* YOUR OBJECTIVE: Somewhere below is a line with "have [U U_unit" and, later, a line with "rewrite mxtrace_conj // mulmx_diag"; repeat those two lines and all the lines between them, exactly as they are.

[Dataset records]
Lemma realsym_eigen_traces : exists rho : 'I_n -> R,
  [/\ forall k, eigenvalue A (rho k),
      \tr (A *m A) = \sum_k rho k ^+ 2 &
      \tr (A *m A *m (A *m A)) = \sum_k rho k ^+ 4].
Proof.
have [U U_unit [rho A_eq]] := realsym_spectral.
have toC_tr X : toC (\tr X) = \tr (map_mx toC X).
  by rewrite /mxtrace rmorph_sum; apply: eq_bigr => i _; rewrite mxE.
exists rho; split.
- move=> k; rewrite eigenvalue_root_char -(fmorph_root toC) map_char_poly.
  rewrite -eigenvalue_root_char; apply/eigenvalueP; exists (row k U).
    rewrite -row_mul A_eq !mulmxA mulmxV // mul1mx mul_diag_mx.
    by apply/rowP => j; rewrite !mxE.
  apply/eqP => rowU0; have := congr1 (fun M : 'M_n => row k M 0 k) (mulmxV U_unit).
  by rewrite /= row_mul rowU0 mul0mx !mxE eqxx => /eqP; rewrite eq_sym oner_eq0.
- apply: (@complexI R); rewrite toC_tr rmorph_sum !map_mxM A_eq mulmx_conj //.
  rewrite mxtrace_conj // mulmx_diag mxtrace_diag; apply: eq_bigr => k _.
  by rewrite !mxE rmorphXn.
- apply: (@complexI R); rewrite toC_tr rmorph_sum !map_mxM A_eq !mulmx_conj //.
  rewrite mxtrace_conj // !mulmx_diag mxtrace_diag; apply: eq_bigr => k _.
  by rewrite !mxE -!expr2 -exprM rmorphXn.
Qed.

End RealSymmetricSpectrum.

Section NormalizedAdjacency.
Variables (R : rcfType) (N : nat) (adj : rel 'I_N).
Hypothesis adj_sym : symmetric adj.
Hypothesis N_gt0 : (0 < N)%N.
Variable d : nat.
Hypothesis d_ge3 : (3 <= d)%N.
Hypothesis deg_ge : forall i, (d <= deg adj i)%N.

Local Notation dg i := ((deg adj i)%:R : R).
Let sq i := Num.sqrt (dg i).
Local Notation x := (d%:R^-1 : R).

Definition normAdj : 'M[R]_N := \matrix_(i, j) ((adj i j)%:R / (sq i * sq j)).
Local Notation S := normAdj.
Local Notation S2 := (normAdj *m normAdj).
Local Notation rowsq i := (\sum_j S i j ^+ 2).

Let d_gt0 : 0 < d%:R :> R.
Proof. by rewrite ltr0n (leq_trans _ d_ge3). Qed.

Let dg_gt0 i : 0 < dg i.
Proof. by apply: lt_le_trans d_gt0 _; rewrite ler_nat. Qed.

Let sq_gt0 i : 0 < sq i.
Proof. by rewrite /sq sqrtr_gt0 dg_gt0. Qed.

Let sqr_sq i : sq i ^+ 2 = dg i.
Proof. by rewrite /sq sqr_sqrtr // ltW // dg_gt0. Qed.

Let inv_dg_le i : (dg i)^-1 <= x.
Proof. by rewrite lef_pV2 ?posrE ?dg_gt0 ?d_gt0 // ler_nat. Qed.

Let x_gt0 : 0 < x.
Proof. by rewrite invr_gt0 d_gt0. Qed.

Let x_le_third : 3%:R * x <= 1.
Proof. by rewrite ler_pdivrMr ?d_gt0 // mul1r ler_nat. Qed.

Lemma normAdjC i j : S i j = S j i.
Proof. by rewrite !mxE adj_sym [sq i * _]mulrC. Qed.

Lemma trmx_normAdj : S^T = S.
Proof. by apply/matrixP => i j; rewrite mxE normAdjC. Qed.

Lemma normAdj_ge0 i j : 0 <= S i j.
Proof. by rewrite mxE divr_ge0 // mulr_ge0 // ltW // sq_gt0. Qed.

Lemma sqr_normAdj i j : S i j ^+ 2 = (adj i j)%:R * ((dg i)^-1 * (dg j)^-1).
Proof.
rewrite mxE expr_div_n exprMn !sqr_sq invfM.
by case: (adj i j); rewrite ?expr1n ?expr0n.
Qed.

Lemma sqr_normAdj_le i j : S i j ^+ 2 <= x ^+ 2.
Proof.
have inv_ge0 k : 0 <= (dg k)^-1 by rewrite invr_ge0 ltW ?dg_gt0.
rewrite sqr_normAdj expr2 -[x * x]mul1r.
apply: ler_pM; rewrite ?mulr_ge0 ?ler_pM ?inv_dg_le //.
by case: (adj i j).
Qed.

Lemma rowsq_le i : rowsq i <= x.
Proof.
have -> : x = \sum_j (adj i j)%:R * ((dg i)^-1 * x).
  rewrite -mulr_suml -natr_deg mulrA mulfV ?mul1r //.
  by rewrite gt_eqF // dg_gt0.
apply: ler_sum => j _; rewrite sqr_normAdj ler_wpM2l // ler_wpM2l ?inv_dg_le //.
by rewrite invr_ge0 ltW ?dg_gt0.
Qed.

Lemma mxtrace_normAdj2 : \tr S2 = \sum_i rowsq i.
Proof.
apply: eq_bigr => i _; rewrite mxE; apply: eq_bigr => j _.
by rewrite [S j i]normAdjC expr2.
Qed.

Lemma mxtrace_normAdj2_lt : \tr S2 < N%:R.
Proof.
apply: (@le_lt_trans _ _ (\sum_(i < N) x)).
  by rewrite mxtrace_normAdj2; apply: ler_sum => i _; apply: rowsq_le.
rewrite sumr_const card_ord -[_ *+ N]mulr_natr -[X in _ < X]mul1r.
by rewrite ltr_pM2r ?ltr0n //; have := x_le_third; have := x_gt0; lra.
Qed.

---

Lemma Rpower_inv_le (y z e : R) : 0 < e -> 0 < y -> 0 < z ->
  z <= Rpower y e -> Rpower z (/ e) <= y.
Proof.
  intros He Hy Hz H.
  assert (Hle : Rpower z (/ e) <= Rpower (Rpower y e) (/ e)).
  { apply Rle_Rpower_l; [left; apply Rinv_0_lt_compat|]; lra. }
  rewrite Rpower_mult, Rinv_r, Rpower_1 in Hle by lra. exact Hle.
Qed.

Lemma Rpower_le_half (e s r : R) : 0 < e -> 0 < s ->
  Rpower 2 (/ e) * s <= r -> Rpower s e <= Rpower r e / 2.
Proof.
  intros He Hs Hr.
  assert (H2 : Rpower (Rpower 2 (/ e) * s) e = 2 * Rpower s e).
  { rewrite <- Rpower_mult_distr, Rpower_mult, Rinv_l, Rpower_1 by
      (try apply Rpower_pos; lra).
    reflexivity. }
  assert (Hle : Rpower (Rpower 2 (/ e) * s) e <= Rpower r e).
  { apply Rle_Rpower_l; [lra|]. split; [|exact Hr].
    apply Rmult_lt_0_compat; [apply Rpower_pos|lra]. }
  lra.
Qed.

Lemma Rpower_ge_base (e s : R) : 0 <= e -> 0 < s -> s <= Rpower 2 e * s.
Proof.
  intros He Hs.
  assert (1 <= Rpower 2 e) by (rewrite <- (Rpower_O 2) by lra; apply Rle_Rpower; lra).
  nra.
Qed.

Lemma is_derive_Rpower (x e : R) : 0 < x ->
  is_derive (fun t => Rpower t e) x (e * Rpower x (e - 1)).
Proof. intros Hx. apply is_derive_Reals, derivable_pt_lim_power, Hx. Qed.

* EXERCISE RESULT:
have [U U_unit [rho A_eq]] := realsym_spectral.
have toC_tr X : toC (\tr X) = \tr (map_mx toC X).
  by rewrite /mxtrace rmorph_sum; apply: eq_bigr => i _; rewrite mxE.
exists rho; split.
- move=> k; rewrite eigenvalue_root_char -(fmorph_root toC) map_char_poly.
  rewrite -eigenvalue_root_char; apply/eigenvalueP; exists (row k U).
    rewrite -row_mul A_eq !mulmxA mulmxV // mul1mx mul_diag_mx.
    by apply/rowP => j; rewrite !mxE.
  apply/eqP => rowU0; have := congr1 (fun M : 'M_n => row k M 0 k) (mulmxV U_unit).
  by rewrite /= row_mul rowU0 mul0mx !mxE eqxx => /eqP; rewrite eq_sym oner_eq0.
- apply: (@complexI R); rewrite toC_tr rmorph_sum !map_mxM A_eq mulmx_conj //.
  rewrite mxtrace_conj // mulmx_diag mxtrace_diag; apply: eq_bigr => k _.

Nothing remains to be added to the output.